**ASSIGNMENT:**
Look below for the lines from the one with "intros [k Hk] not_succ. exists k. split." to the one with "rewrite (Z.div2_odd k)", and copy exactly those lines, both ends included.

++++ RECORDS TO USE

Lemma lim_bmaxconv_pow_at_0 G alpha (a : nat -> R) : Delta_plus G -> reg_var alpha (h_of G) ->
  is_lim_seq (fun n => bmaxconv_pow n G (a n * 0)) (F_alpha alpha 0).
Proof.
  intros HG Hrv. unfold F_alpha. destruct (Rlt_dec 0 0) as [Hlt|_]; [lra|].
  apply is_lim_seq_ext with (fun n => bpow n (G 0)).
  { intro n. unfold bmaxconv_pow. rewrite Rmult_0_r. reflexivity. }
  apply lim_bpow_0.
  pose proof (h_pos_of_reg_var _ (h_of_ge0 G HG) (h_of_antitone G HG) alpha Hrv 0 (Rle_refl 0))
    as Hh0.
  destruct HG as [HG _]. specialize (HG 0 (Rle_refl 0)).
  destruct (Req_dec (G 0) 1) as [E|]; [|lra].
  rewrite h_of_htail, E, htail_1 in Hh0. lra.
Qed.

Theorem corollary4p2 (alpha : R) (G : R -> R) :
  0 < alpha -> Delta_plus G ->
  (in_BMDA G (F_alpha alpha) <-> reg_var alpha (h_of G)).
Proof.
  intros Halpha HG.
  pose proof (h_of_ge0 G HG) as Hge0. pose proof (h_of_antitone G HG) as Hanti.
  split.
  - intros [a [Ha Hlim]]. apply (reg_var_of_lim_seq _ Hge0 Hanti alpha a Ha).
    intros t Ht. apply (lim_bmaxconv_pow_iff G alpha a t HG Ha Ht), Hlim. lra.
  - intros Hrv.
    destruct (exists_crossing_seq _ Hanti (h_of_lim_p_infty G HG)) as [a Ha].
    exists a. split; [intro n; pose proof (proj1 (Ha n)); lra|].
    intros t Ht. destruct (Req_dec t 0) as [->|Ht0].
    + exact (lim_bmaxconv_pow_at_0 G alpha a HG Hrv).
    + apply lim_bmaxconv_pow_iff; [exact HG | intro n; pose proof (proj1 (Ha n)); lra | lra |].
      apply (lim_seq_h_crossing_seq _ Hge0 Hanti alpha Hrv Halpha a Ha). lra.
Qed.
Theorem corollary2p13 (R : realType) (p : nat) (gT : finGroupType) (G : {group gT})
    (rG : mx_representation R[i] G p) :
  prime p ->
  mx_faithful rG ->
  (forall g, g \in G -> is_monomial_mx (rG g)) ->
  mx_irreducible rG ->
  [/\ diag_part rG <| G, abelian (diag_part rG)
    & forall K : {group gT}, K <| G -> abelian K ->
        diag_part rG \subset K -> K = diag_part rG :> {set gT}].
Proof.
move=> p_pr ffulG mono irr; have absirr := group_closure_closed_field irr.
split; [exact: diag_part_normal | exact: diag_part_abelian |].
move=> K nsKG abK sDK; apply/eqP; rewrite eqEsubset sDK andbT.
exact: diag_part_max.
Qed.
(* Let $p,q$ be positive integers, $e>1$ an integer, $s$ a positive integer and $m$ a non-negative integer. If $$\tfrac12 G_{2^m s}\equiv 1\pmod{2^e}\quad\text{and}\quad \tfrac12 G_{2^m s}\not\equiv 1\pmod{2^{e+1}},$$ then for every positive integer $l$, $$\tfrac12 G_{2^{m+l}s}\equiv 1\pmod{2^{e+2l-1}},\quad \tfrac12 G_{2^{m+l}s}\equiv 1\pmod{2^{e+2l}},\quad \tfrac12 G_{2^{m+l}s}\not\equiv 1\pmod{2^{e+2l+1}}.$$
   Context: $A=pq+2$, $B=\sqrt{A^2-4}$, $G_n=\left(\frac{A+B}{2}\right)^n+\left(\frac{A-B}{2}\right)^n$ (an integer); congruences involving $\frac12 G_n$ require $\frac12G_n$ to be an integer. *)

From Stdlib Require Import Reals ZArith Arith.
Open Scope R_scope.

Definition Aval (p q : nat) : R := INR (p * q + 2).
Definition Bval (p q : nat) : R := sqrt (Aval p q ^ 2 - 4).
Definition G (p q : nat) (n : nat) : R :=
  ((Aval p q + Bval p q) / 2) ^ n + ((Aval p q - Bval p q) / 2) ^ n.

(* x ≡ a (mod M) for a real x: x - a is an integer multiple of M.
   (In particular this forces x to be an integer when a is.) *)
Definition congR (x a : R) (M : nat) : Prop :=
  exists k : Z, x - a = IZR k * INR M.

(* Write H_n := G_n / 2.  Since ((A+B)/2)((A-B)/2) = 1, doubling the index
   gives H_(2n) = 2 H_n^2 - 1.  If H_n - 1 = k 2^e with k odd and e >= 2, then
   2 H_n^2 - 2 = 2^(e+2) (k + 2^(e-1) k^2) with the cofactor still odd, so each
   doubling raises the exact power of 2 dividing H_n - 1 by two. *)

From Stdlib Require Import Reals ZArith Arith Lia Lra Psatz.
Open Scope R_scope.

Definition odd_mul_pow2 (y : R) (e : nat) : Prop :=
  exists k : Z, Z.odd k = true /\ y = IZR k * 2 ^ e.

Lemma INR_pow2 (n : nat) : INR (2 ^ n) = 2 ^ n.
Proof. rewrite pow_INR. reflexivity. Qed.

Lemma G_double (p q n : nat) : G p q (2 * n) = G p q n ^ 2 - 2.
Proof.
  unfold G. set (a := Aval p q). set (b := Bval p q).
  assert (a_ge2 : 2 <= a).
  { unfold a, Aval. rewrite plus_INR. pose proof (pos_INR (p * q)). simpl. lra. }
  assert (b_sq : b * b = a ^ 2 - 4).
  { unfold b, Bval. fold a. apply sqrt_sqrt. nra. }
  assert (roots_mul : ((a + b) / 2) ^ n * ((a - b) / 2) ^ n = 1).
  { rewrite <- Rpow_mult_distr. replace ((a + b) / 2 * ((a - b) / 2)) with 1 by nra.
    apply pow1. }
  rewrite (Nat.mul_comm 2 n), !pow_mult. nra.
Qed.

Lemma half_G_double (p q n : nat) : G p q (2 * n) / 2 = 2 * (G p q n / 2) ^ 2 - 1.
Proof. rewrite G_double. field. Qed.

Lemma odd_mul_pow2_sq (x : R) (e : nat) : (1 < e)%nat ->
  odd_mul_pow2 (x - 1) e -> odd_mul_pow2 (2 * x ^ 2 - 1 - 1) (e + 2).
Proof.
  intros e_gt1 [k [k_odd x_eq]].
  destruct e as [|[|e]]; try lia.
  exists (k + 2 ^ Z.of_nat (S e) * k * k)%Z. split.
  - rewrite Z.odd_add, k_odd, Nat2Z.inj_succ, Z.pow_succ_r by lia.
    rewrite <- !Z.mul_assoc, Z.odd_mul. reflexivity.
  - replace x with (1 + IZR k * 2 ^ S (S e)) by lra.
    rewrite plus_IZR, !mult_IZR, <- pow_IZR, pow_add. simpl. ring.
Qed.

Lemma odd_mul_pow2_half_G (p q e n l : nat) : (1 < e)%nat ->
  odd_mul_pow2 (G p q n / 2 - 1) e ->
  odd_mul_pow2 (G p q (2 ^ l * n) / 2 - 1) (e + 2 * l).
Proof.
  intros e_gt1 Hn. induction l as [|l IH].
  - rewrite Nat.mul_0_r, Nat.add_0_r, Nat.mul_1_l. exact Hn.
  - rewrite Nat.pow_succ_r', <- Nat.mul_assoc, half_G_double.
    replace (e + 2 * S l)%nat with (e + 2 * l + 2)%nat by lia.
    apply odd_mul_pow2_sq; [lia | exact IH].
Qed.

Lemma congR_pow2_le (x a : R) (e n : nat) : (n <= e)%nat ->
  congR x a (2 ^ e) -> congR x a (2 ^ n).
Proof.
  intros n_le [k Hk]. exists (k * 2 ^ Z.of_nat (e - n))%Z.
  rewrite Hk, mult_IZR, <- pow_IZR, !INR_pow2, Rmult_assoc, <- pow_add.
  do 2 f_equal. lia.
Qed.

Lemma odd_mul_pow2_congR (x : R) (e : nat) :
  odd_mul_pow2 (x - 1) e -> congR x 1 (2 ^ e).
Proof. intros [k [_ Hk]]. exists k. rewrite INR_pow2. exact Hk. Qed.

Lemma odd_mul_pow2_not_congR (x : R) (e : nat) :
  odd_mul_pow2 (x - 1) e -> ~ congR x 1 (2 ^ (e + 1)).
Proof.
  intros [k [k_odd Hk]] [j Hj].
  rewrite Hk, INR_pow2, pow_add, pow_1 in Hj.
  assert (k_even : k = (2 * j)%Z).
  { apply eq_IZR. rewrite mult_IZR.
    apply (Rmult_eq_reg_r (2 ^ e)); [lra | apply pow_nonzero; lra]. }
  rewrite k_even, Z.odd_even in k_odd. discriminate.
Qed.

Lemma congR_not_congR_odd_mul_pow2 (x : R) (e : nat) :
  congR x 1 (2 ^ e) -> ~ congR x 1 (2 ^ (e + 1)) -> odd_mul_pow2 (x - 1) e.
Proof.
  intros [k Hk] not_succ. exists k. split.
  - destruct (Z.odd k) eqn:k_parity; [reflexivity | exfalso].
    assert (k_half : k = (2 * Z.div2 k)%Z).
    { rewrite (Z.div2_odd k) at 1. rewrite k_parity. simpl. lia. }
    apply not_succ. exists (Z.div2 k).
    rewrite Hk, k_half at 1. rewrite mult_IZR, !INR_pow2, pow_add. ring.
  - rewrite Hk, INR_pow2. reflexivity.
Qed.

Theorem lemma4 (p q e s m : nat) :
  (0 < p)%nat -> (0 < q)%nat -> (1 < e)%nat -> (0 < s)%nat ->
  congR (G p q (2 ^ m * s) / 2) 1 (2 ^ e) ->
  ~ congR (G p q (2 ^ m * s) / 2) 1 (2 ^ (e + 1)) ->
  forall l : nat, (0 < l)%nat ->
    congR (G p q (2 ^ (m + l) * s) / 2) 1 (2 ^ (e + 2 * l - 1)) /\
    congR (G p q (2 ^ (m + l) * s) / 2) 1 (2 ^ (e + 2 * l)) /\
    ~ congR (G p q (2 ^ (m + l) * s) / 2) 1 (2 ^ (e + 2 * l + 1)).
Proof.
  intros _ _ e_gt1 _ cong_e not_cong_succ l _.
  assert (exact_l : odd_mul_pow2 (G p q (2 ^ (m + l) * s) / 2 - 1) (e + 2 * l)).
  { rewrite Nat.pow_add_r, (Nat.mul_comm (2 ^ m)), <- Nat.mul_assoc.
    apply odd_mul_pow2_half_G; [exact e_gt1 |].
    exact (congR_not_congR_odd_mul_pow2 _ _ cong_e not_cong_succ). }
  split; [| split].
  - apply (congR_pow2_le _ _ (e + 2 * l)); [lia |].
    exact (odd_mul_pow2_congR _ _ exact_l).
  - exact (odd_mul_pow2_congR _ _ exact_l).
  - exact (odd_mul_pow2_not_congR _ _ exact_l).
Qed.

++++++++
++++ RECORDS TO USE

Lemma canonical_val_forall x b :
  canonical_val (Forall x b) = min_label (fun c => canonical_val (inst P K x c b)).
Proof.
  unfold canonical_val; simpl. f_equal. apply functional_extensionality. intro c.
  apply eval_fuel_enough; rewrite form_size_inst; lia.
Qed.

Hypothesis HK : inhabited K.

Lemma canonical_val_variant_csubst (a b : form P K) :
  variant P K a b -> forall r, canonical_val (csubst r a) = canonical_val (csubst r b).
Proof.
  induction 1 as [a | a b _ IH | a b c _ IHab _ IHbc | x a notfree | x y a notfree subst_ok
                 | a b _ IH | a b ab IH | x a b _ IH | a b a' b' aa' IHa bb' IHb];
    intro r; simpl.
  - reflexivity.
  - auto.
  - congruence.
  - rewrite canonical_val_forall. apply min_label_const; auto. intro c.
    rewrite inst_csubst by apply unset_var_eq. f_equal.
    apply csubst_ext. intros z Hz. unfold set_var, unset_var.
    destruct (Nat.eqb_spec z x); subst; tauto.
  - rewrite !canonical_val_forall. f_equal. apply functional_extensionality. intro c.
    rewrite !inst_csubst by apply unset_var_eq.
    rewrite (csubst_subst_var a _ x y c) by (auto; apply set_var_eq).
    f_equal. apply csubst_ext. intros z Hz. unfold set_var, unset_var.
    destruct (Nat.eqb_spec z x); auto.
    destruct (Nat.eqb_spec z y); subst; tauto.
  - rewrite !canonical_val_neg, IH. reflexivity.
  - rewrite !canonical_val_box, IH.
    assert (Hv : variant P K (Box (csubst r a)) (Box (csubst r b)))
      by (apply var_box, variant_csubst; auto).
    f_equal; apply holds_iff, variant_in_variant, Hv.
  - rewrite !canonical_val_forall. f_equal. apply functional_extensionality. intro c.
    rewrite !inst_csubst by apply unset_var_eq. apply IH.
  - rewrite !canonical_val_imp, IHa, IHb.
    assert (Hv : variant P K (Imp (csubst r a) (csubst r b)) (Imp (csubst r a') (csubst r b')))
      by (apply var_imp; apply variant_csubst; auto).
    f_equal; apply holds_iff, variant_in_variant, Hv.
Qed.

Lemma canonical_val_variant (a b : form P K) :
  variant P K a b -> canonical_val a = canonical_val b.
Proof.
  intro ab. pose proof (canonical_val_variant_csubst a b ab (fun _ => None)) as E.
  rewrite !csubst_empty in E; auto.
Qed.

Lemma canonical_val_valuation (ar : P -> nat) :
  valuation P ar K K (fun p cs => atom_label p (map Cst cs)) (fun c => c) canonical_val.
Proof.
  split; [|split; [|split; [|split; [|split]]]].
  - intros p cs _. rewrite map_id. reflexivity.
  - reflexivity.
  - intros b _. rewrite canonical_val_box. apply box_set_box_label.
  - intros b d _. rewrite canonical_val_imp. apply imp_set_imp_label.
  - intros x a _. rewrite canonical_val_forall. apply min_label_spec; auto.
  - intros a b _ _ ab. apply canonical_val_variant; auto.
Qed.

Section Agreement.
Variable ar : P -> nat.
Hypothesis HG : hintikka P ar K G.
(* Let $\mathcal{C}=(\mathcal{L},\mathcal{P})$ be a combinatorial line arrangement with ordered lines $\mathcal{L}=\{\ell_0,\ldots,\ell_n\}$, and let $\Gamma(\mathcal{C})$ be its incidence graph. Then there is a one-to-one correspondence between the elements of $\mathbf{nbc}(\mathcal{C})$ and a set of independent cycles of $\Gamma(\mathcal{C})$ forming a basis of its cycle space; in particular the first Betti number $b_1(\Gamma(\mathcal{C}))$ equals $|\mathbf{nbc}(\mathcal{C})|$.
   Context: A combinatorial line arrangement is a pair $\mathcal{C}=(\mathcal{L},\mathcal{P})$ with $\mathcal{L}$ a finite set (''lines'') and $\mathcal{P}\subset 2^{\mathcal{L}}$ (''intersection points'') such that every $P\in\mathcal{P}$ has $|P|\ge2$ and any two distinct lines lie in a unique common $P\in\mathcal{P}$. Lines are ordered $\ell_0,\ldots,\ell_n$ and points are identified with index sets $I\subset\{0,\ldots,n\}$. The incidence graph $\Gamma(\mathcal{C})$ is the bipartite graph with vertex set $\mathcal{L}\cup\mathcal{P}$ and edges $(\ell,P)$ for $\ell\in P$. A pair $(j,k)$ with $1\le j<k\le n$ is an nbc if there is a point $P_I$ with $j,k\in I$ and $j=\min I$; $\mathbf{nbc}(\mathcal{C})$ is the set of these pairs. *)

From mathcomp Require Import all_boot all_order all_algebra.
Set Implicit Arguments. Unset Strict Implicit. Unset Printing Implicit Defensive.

++++++++
++++ RECORDS TO USE

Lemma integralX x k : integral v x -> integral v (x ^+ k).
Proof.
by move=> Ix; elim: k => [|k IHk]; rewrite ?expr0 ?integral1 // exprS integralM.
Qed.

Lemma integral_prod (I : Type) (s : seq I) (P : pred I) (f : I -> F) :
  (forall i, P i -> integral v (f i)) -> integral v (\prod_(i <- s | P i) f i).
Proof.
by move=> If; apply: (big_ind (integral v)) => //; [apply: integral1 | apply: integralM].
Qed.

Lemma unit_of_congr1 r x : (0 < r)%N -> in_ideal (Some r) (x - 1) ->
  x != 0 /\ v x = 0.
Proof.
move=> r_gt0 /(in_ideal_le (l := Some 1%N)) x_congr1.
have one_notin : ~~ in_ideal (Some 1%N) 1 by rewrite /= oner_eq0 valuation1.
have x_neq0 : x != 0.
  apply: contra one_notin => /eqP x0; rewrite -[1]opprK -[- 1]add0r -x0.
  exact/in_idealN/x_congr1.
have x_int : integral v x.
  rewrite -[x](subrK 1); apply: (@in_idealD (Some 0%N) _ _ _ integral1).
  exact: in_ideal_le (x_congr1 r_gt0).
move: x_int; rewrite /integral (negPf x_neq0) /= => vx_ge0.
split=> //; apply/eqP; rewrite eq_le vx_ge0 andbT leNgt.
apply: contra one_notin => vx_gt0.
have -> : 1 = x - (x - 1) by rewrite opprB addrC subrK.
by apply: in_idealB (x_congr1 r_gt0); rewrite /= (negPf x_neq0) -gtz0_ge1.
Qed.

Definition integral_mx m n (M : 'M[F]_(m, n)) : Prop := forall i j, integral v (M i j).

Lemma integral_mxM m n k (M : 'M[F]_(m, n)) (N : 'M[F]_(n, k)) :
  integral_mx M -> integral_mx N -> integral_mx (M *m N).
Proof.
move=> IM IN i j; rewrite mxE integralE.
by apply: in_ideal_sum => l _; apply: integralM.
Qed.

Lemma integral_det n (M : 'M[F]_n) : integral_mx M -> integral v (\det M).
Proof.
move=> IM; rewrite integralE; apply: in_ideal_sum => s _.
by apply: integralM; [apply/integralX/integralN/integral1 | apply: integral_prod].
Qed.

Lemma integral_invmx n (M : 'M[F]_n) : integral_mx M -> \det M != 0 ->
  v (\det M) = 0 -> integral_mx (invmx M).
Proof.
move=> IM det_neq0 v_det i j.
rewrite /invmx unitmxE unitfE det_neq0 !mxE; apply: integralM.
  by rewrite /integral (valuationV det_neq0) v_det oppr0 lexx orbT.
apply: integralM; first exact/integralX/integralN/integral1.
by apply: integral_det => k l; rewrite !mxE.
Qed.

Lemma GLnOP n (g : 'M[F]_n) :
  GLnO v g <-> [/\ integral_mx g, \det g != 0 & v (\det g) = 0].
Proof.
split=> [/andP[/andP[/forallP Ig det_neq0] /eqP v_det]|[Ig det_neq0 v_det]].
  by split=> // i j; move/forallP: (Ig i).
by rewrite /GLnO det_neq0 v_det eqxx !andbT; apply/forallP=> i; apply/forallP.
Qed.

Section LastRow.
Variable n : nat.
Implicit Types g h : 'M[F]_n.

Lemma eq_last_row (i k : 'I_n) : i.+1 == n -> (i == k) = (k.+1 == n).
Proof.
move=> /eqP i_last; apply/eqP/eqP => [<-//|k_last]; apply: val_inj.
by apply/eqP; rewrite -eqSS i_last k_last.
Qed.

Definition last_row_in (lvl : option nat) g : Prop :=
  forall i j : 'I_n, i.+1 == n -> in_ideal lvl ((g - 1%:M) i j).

++++++++

**EXPECTED ANSWER:**
  intros [k Hk] not_succ. exists k. split.
  - destruct (Z.odd k) eqn:k_parity; [reflexivity | exfalso].
    assert (k_half : k = (2 * Z.div2 k)%Z).
    { rewrite (Z.div2_odd k) at 1. rewrite k_parity. simpl. lia. }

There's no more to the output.